ST. LOUIS COUNTY, Mo.—Hours after six St. Louis County department heads won a circuit court ruling to take a proposed charter amendment off the April ballot, an appeals court ruling put it back on, handing a legal victory to St. Louis county council members.
The charter amendment will ask voters if the council should have the authority to fire department heads, who are currently nominated by the County Executive and confirmed by the council.
A number of them filed a suit trying to keep the amendment from the ballot. They argued that the ballot language is deceptive and the the council’s interference is intimidating.
Judge Brue Hilton wrote Tuesday morning that the St. Louis County Council’s ballot language “is misleading, insufficient, inaccurate, argumentative, prejudicial and unfair.”
But in a rulilng late Tuesday afternoon, appeals court Judge Thomas Clark wrote that the ballot measure has the potential to create confusion due to conflicts in existing county statutes, but that state law doesnt require the court to take the question off the ballot because of it.
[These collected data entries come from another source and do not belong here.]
(* Gram-Schmidt: the part [r] of [ph K] orthogonal to the earlier functions corrects the
   coefficients of [f] found for them. *)
Lemma exists_orth_coeffs a b ph : a <= b -> (forall k, cont (ph k)) ->
  forall K f, cont f -> exists c, forall k, (k < K)%nat ->
    L2ip a b f (ph k) = L2ip a b (lin_comb ph c K) (ph k).
Proof.
  intros Hab Hph K. induction K as [|K IH]; intros f Hf.
  - exists (fun _ => 0). intros; lia.
  - destruct (IH f Hf) as [c Hc]. destruct (IH (ph K) (Hph K)) as [d Hd].
    set (r := fun x => ph K x - lin_comb ph d K x).
    set (h := fun x => f x - lin_comb ph c K x).
    assert (Hr : cont r) by (apply cont_minus, cont_lin_comb; auto).
    assert (Hh : cont h) by (apply cont_minus, cont_lin_comb; auto).
    assert (Hr_orth : forall k, (k < K)%nat -> L2ip a b r (ph k) = 0).
    { intros k Hk. unfold r. rewrite L2ip_minus_l, Hd by auto using cont_lin_comb. ring. }
    assert (Hh_orth : forall k, (k < K)%nat -> L2ip a b h (ph k) = 0).
    { intros k Hk. unfold h. rewrite L2ip_minus_l, Hc by auto using cont_lin_comb. ring. }
    set (al := if Req_EM_T (L2ip a b r r) 0 then 0 else L2ip a b h r / L2ip a b r r).
    assert (Hal : L2ip a b h r = al * L2ip a b r r).
    { unfold al. destruct (Req_EM_T (L2ip a b r r) 0) as [E|E].
      - rewrite L2ip_eq0_of_self_eq0, E by assumption. ring.
      - field. exact E. }
    assert (Hr_K : forall g, cont g -> (forall k, (k < K)%nat -> L2ip a b g (ph k) = 0) ->
                   L2ip a b g (ph K) = L2ip a b g r).
    { intros g Hg Hg_orth.
      transitivity (L2ip a b g (fun x => r x + 1 * lin_comb ph d K x)).
      - unfold L2ip. apply RInt_ext_R. intros x. unfold r. ring.
      - rewrite L2ip_plus_scal_r, L2ip_lin_comb_r_eq0 by auto using cont_lin_comb. ring. }
    exists (fun m => if Nat.ltb m K then c m + (- al) * d m else al). intros k Hk.
    transitivity (L2ip a b (fun x => lin_comb ph c K x + al * r x) (ph k)).
    2: { unfold L2ip. apply RInt_ext_R. intros x. rewrite lin_comb_update. unfold r. ring. }
    rewrite L2ip_plus_scal_l by auto using cont_lin_comb.
    destruct (Nat.eq_dec k K) as [->|Hne].
    + assert (Hf_h : L2ip a b f (ph K) = L2ip a b (lin_comb ph c K) (ph K) + L2ip a b h (ph K)).
      { unfold h. rewrite L2ip_minus_l by auto using cont_lin_comb. ring. }
      rewrite Hf_h, (Hr_K h Hh Hh_orth), (Hr_K r Hr Hr_orth), Hal. ring.
    + rewrite Hr_orth, Hc by lia. ring.
Qed.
Clark said voters can legally contest an election result after the fact and also challenge the measure's effect.
"Respondents have the ability to raise their claims about conflicting language,the need for clarification about the scope of Proposition B and/or its applicability to various county officials, but following voter approval," he wrote.
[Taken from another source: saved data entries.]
(* Let $X$ be a Banach space and let $x\in S_X$ be a super $\Delta$-point. Then every relatively weakly open subset $W$ of $B_X$ containing $x$ has Kuratowski measure of non-compactness $\alpha(W)=2$. More precisely, for every such $W$ and every $\varepsilon>0$ there is a sequence $(x_n)\subseteq W$ with $\|x_i-x_j\|>2-\varepsilon$ for all $i\neq j$.
   Context: The Kuratowski measure of non-compactness $\alpha(A)$ of a non-empty bounded subset $A$ of a metric space is the infimum of all $\varepsilon>0$ such that $A$ can be covered by finitely many sets of diameter at most $\varepsilon$. An element $x\in S_X$ is a super $\Delta$-point if $\sup_{y\in V}\|x-y\|=2$ for every relatively weakly open subset $V$ of $B_X$ containing $x$. *)

From HB Require Import structures.
From mathcomp Require Import all_boot all_order all_algebra.
From mathcomp Require Import all_classical all_reals all_analysis.
Set Implicit Arguments. Unset Strict Implicit. Unset Printing Implicit Defensive.
Import Order.TTheory GRing.Theory Num.Theory.
Import numFieldNormedType.Exports.
Local Open Scope classical_set_scope.
Local Open Scope ring_scope.

Section Defs.
Context {R : realType} {V : normedModType R}.

Definition unit_ball : set V := [set y | Num.norm y <= 1].
Definition unit_sphere : set V := [set y | Num.norm y = 1].

Definition weakly_open (U : set V) : Prop :=
  forall x, U x -> exists (n : nat) (f : 'I_n -> {linear V -> R^o}) (d : R),
    (forall i, continuous (f i)) /\ 0 < d /\
    [set y | forall i, `|f i (y - x)| < d] `<=` U.

Definition rel_weakly_open_ball (W : set V) : Prop :=
  exists U, weakly_open U /\ W = U `&` unit_ball.

Definition super_Delta_point (x : V) : Prop :=
  unit_sphere x /\
  forall W, rel_weakly_open_ball W -> W x ->
    sup [set `|x - y| | y in W] = 2.

Definition diam_le (S : set V) (e : R) : Prop :=
  forall y z, S y -> S z -> `|y - z| <= e.

Definition finitely_coverable (A : set V) (e : R) : Prop :=
  exists (n : nat) (S : 'I_n -> set V),
    (forall i, diam_le (S i) e) /\ A `<=` \bigcup_(i in [set: 'I_n]) S i.

Definition kuratowski (A : set V) : R :=
  inf [set e : R | 0 < e /\ finitely_coverable A e].

End Defs.

From HB Require Import structures.
From mathcomp Require Import all_boot all_order all_algebra.
From mathcomp Require Import all_classical all_reals all_analysis.
From mathcomp Require Import lra.
Import Order.TTheory GRing.Theory Num.Theory.
Import numFieldNormedType.Exports.
Local Open Scope classical_set_scope.
Local Open Scope ring_scope.

(* Given a relatively weakly open W containing the super Delta-point x and
   d > 0, pick y in W with |x - y| > 2 - d and a norm-one functional f norming
   x - y (Hahn-Banach), so f x - f y > 2 - d.  The slice W /\ {f > 1 - d} is
   again relatively weakly open and still contains x, because f y >= -1.
   Iterating inside the successive slices yields points y_k such that y_j lies
   in the k-th slice for j > k, whence f_k (y_j - y_k) > 2 - 2d.  A sequence
   in W that is (2 - e)-separated for every e > 0 forbids finite covers by
   sets of diameter < 2, while W, being inside the unit ball, has diameter at
   most 2. *)

Section HahnBanach.
Context {R : realType} {V : normedModType R}.

(* Partial linear functionals on subspaces of V are handled through their graphs,
   which makes the chains of Zorn's lemma simple unions. *)
Definition linear_graph (G : set (V * R)) : Prop :=
  [/\ G (0, 0), (forall a b, G a -> G b -> G (a.1 + b.1, a.2 + b.2)),
      (forall (t : R) a, G a -> G (t *: a.1, t * a.2)) &
      (forall a b, G a -> G b -> a.1 = b.1 -> a.2 = b.2)].

Definition norm_dominated (G : set (V * R)) : Prop :=
  forall a, G a -> a.2 <= `|a.1|.

Definition norming_graph (y0 : V) (G : set (V * R)) : Prop :=
  [/\ linear_graph G, norm_dominated G & G (y0, `|y0|)].

Definition graph_extension (G : set (V * R)) (z : V) (c : R) : set (V * R) :=
  [set p | exists a t, G a /\ p = (a.1 + t *: z, a.2 + t * c)].

Lemma graph_extension_sub G z c : G `<=` graph_extension G z c.
Proof.
by move=> [v r] Gp; exists (v, r), 0; rewrite scale0r mul0r !addr0.
Qed.

Lemma linear_graph_extension G z c : linear_graph G -> (forall r, ~ G (z, r)) ->
  linear_graph (graph_extension G z c).
Proof.
move=> [G0 GD GZ Gf] Gz; split.
- exact: graph_extension_sub.
- move=> _ _ [a [t [Ga ->]]] [b [s [Gb ->]]].
  exists (a.1 + b.1, a.2 + b.2), (t + s); split; first exact: GD.
  by rewrite /= scalerDl mulrDl; congr pair; rewrite addrACA.
- move=> u _ [a [t [Ga ->]]].
  exists (u *: a.1, u * a.2), (u * t); split; first exact: GZ.
  by rewrite /= scalerDr mulrDr scalerA mulrA.
- move=> _ _ [a [t [Ga ->]]] [b [s [Gb ->]]] /= Eab.
  have [ts|ts] := eqVneq t s.
    by subst s; rewrite (Gf _ _ Ga Gb (addIr _ Eab)).
  have zE : z = (t - s)^-1 *: (b.1 + -1 *: a.1).
    have -> : b.1 + -1 *: a.1 = (t - s) *: z.
      have -> : b.1 = a.1 + t *: z - s *: z by rewrite Eab addrK.
      by rewrite scaleN1r scalerBl addrAC [a.1 + _ - _]addrAC subrr add0r.
    by rewrite scalerA mulVf ?scale1r // subr_eq0.
  case: (Gz ((t - s)^-1 * (b.2 + -1 * a.2))); rewrite zE.
  exact: (GZ _ _ (GD _ _ Gb (GZ (-1) _ Ga))).
Qed.

Lemma extension_constant G z : linear_graph G -> norm_dominated G ->
  exists c, forall a, G a -> a.2 - `|a.1 - z| <= c /\ c <= `|a.1 + z| - a.2.
Proof.
move=> [G0 GD _ _] Gb.
pose E := [set a.2 - `|a.1 - z| | a in G].
have Eub b : G b -> ubound E (`|b.1 + z| - b.2).
  move=> Gb' _ [a Ga <-].
  (* a.2 + b.2 <= |a.1 + b.1| <= |a.1 - z| + |b.1 + z| *)
  have := Gb _ (GD _ _ Ga Gb'); rewrite /= => Hab.
  have : `|a.1 + b.1| <= `|a.1 - z| + `|b.1 + z|.
    have -> : a.1 + b.1 = (a.1 - z) + (b.1 + z) by rewrite addrACA addNr addr0.
    exact: ler_normD.
  lra.
exists (sup E) => a Ga; split.
- by apply: ub_le_sup; [exists (`|(0 : V * R).1 + z| - 0); exact: Eub G0 | exists a].
- by apply: ge_sup; [exists (a.2 - `|a.1 - z|), a | exact: Eub].
Qed.

Lemma graph_extension_dominated G z c : linear_graph G -> norm_dominated G ->
  (forall a, G a -> a.2 - `|a.1 - z| <= c /\ c <= `|a.1 + z| - a.2) ->
  norm_dominated (graph_extension G z c).
Proof.
move=> [_ _ GZ _] Gb Hc _ [a [t [Ga ->]]] /=.
have rescale s w : 0 < s -> s * `|s^-1 *: a.1 + w| = `|a.1 + s *: w|.
  move=> s0; rewrite -[in RHS](scale1r a.1) -(mulfV (lt0r_neq0 s0)) -scalerA.
  by rewrite -scalerDr normrZ gtr0_norm.
have [t0|t0|->] := ltgtP t 0; last by rewrite scale0r mul0r !addr0; exact: Gb.
- have s0 : 0 < - t by rewrite oppr_gt0.
  have := ler_wpM2l (ltW s0) (Hc _ (GZ (- t)^-1 _ Ga)).1.
  rewrite /= mulrBr rescale // mulrA mulfV ?gt_eqF // mul1r.
  by rewrite scalerN scaleNr opprK; lra.
- have := ler_wpM2l (ltW t0) (Hc _ (GZ t^-1 _ Ga)).2.
  by rewrite /= mulrBr rescale // mulrA mulfV ?gt_eqF // mul1r; lra.
Qed.

Lemma norming_graph_extend y0 G z : norming_graph y0 G ->
  (forall r, ~ G (z, r)) -> exists B, norming_graph y0 B /\ G `<` B.
Proof.
move=> [Glin Gb Gy] Gz; have [c Hc] := extension_constant _ z Glin Gb.
have Gz_ext : graph_extension G z c (z, c).
  by case: Glin => G0 _ _ _; exists (0, 0), 1; rewrite scale1r mul1r !add0r.
exists (graph_extension G z c); split.
- split; [exact: linear_graph_extension | exact: graph_extension_dominated |].
  exact: graph_extension_sub.
- by split; [exact: graph_extension_sub | move=> /(_ _ Gz_ext); exact: Gz].
Qed.

Lemma norming_graph_bigcup y0 (F : set (set (V * R))) G0 :
  (forall G, F G -> G !=set0 -> norming_graph y0 G) -> total_on F subset ->
  F G0 -> G0 !=set0 -> norming_graph y0 (\bigcup_(G in F) G).
Proof.
move=> FP Ftot FG0 G0n.
have FPin G a : F G -> G a -> norming_graph y0 G.
  by move=> FG Ga; apply: FP FG _; exists a.
have common a b : (\bigcup_(G in F) G) a -> (\bigcup_(G in F) G) b ->
    exists G, [/\ F G, norming_graph y0 G, G a & G b].
  move=> [G1 F1 G1a] [G2 F2 G2b].
  have [G12|G21] := Ftot _ _ F1 F2.
  - by exists G2; split => //; [exact: FPin G2b | exact: G12].
  - by exists G1; split => //; [exact: FPin G1a | exact: G21].
have [[G00 _ _ _] _ _] := FP _ FG0 G0n.
split; [split|..].
- by exists G0.
- move=> a b Ua Ub; have [G [FG [[_ GD _ _] _ _] Ga Gb]] := common _ _ Ua Ub.
  by exists G => //; exact: GD.
- move=> t a [G FG Ga]; have [[_ _ GZ _] _ _] := FPin _ _ FG Ga.
  by exists G => //; exact: GZ.
- move=> a b Ua Ub; have [G [_ [[_ _ _ Gf] _ _] Ga Gb]] := common _ _ Ua Ub.
  exact: Gf.
- by move=> a [G FG Ga]; have [_ Gb _] := FPin _ _ FG Ga; exact: Gb.
- by have [_ _ Gy] := FP _ FG0 G0n; exists G0.
Qed.

Lemma line_norming_graph y0 :
  norming_graph y0 [set (t *: y0, t * `|y0|) | t in [set: R]].
Proof.
split; [split|..].
- by exists 0 => //; rewrite scale0r mul0r.
- move=> _ _ [t _ <-] [s _ <-]; exists (t + s) => //.
  by rewrite /= scalerDl mulrDl.
- by move=> u _ [t _ <-]; exists (u * t) => //; rewrite /= scalerA mulrA.
- move=> _ _ [t _ <-] [s _ <-] /= /eqP; rewrite -subr_eq0 -scalerBl.
  rewrite scaler_eq0 subr_eq0 => /orP[/eqP -> //|/eqP ->].
  by rewrite normr0 !mulr0.
- by move=> _ [t _ <-] /=; rewrite normrZ ler_wpM2r // ler_norm.
- by exists 1 => //; rewrite scale1r mul1r.
Qed.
"The circuit court agreed that the ballot language is misleading, inefficient, inaccurate, argumentative, prejudicial and unfair. The appellate court agreed that the language is confusing but the time to challenge this is after the election. As it stands, voters will have to vote on the absurd ballot language. Meanwhile, we are weighing our legal options," said Doug Moore, a spokesperson for County Executive Sam Page.
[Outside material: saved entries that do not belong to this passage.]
(* Let $n\ge 2$. The function $\mathbf{H}$ is shift-invariant and homogeneous (of order 1): $\mathbf{H}(x_1+r,\dots,x_n+r)=\mathbf{H}(\mathbf{x})+r$ whenever $r\in[-1,1]$, $(x_1+r,\dots,x_n+r)\in[0,1]^n$ and $\mathbf{H}(\mathbf{x})+r\in[0,1]$; and $\mathbf{H}(\lambda x_1,\dots,\lambda x_n)=\lambda\mathbf{H}(\mathbf{x})$ for all $\lambda\in[0,1]$ and $\mathbf{x}\in[0,1]^n$.
   Context: For $\mathbf{x}\in[0,1]^n$ let $x_{(1)}\ge\dots\ge x_{(n)}$ be its entries in decreasing order, and define the median $Med(\mathbf{x})=\frac12(x_{(k)}+x_{(k+1)})$ if $n=2k$ and $Med(\mathbf{x})=x_{(k+1)}$ if $n=2k+1$. Define $f_i(\mathbf{x})=\frac1n$ if $x_1=\dots=x_n$, and otherwise $f_i(\mathbf{x})=\frac{1}{n-1}\Big(1-\frac{|x_i-Med(\mathbf{x})|}{\sum_{j=1}^n|x_j-Med(\mathbf{x})|}\Big)$. Then $\mathbf{H}(\mathbf{x})=\sum_{i=1}^n f_i(\mathbf{x})\,x_i$. *)

From HB Require Import structures.
From mathcomp Require Import all_boot all_order all_algebra.
Set Implicit Arguments. Unset Strict Implicit. Unset Printing Implicit Defensive.
Import Order.TTheory GRing.Theory Num.Theory.
Local Open Scope ring_scope.

Section Median.
Variable R : realFieldType.
Variable n : nat.

(* entries of x sorted in decreasing order: x_(1) >= ... >= x_(n);
   x_(j) is nth 0 (sorted_dec x) (j-1) *)
Definition sorted_dec (x : 'I_n -> R) : seq R :=
  sort (fun a b : R => b <= a) [seq x i | i <- enum 'I_n].

(* Med x = (x_(k) + x_(k+1))/2 if n = 2k, x_(k+1) if n = 2k+1 *)
Definition Med (x : 'I_n -> R) : R :=
  let s := sorted_dec x in
  let k := n./2 in
  if odd n then nth 0 s k
  else (nth 0 s k.-1 + nth 0 s k) / 2%:R.

Definition all_equal (x : 'I_n -> R) : bool :=
  [forall i, forall j, x i == x j].

Definition fw (x : 'I_n -> R) (i : 'I_n) : R :=
  if all_equal x then 1 / n%:R
  else 1 / (n.-1)%:R *
       (1 - `|x i - Med x| / \sum_(j < n) `|x j - Med x|).

Definition Hagg (x : 'I_n -> R) : R := \sum_(i < n) fw x i * x i.

End Median.

Definition in01 {R : realFieldType} (t : R) : bool := (0 <= t) && (t <= 1).

(* The median is equivariant under every increasing affine map t |-> a t + b,
   so the deviations |x_i - Med x| are all scaled by a and the weights f_i,
   being ratios of such deviations, are unchanged.  Since the weights sum to
   1, H commutes with the map.  The degenerate map a = 0 sends every vector to
   a constant one, on which H is that constant. *)

From HB Require Import structures.
From mathcomp Require Import all_boot all_order all_algebra.
From mathcomp Require Import zify ring.
Import Order.TTheory GRing.Theory Num.Theory.
Set Implicit Arguments. Unset Strict Implicit.
Local Open Scope ring_scope.

Section AffineEquivariance.
Variables (R : realFieldType) (n : nat).
Hypothesis n_gt0 : (0 < n)%N.
Implicit Types (x y : 'I_n -> R) (a b c : R).

Lemma sorted_dec_affine x y a b : 0 < a -> (forall i, y i = a * x i + b) ->
  sorted_dec y = [seq a * t + b | t <- sorted_dec x].
Proof.
move=> a_gt0 yE; rewrite /sorted_dec (eq_map yE) (map_comp (fun t => a * t + b)).
rewrite (map_sort (leT := fun s t : R => t <= s)) // => s t /=.
by rewrite lerD2r ler_pM2l.
Qed.

Lemma Med_affine x y a b : 0 < a -> (forall i, y i = a * x i + b) ->
  Med y = a * Med x + b.
Proof.
move=> a_gt0 yE.
have size_sorted : size (sorted_dec x) = n.
  by rewrite size_sort size_map size_enum_ord.
have nthE k : (k < n)%N ->
    nth 0 (sorted_dec y) k = a * nth 0 (sorted_dec x) k + b.
  by move=> lt_kn; rewrite (sorted_dec_affine a_gt0 yE) (nth_map 0) ?size_sorted.
rewrite /Med !nthE; [|lia..].
by case: ifP => // _; field.
Qed.

Lemma all_equal_affine x y a b : a != 0 -> (forall i, y i = a * x i + b) ->
  all_equal y = all_equal x.
Proof.
move=> a_neq0 yE; apply: eq_forallb => i; apply: eq_forallb => j.
by rewrite !yE (inj_eq (addIr b)) (inj_eq (mulfI a_neq0)).
Qed.

Lemma fw_affine x y a b : 0 < a -> (forall i, y i = a * x i + b) ->
  fw y =1 fw x.
Proof.
move=> a_gt0 yE i.
rewrite /fw (all_equal_affine (lt0r_neq0 a_gt0) yE) (Med_affine a_gt0 yE).
case: ifP => // _.
have devE j : `|y j - (a * Med x + b)| = a * `|x j - Med x|.
  by rewrite yE [a * Med x + b]addrC addrKA -mulrBr normrM gtr0_norm.
rewrite devE (eq_bigr _ (fun j _ => devE j)) -mulr_sumr.
by rewrite invfM mulrACA divff ?mul1r // lt0r_neq0.
Qed.

Lemma not_all_equal_gt1 x : ~~ all_equal x -> (1 < n)%N.
Proof.
apply: contraR; rewrite -leqNgt => le_n1.
apply/forallP => i; apply/forallP => j; apply/eqP; congr x; apply: ord_inj.
by have := ltn_ord i; have := ltn_ord j; lia.
Qed.

Lemma sum_fw x : \sum_(i < n) fw x i = 1.
Proof.
rewrite /fw; have [_|not_eq] := boolP (all_equal x).
  by rewrite sumr_const card_ord div1r -[_ *+ n]mulr_natr mulVf // pnatr_eq0 -lt0n.
have n_gt1 := not_all_equal_gt1 not_eq.
set S := \sum_(j < n) `|x j - Med x|.
have S_neq0 : S != 0.
  apply: contra not_eq; rewrite psumr_eq0 // => /allP devs0.
  have xE j : x j = Med x.
    by apply/eqP; rewrite -subr_eq0 -normr_eq0 -[_ == 0]implyTb devs0 ?mem_index_enum.
  by apply/forallP => i; apply/forallP => j; rewrite !xE.
rewrite -mulr_sumr sumrB sumr_const card_ord -mulr_suml mulfV //.
rewrite -(prednK n_gt0) mulrSr addrK mul1r mulVf // pnatr_eq0; lia.
Qed.

Lemma Hagg_const x c : (forall i, x i = c) -> Hagg x = c.
Proof.
move=> xE; rewrite /Hagg (eq_bigr (fun i => fw x i * c)) => [|i _].
  by rewrite -mulr_suml sum_fw mul1r.
by rewrite xE.
Qed.

Lemma Hagg_affine x y a b : 0 <= a -> (forall i, y i = a * x i + b) ->
  Hagg y = a * Hagg x + b.
Proof.
rewrite le_eqVlt => /predU1P[<- | a_gt0] yE.
  by rewrite mul0r add0r; apply: Hagg_const => i; rewrite yE mul0r add0r.
rewrite /Hagg (eq_bigr (fun i => a * (fw x i * x i) + b * fw x i)) => [|i _].
  by rewrite big_split -mulr_sumr -mulr_sumr sum_fw mulr1.
by rewrite (fw_affine a_gt0 yE) yE; ring.
Qed.

End AffineEquivariance.

Theorem corollary4 (R : realFieldType) (n : nat) (hn : (2 <= n)%N) :
  (forall (x : 'I_n -> R) (r : R),
      (forall i, in01 (x i)) ->
      -1 <= r <= 1 ->
      (forall i, in01 (x i + r)) ->
      in01 (Hagg x + r) ->
      Hagg (fun i => x i + r) = Hagg x + r)
  /\
  (forall (x : 'I_n -> R) (lam : R),
      (forall i, in01 (x i)) ->
      in01 lam ->
      Hagg (fun i => lam * x i) = lam * Hagg x).
Proof.
(* The range hypotheses only keep the vectors inside [0,1]^n; both identities
   hold on all of R^n. *)
have n_gt0 : (0 < n)%N by lia.
split.
- move=> x r _ _ _ _.
  by rewrite (Hagg_affine n_gt0 (a := 1) (x := x) (b := r)) ?mul1r // => i; rewrite mul1r.
- move=> x lam _ /andP[lam_ge0 _].
  by rewrite (Hagg_affine n_gt0 (x := x) (b := 0) lam_ge0) ?addr0 // => i; rewrite addr0.
Qed.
Tuesday at 5 p.m. was the deadline for the St. Louis County Board of Elections to finalize the April ballot.
At Tuesday night's County Council meeting, Page was critical of the roughly $600,000 it wlll cost the county to hold the election, saying the money would be better spent on county services. The comments drew a retort from Councilwoman Shalonda Webb, who said the county could have saved money without having had the council and county administration "suing eachother" recently.
Webb said the ballot measure was about ensuring accurate, complete and accountable information is being provided to the county council.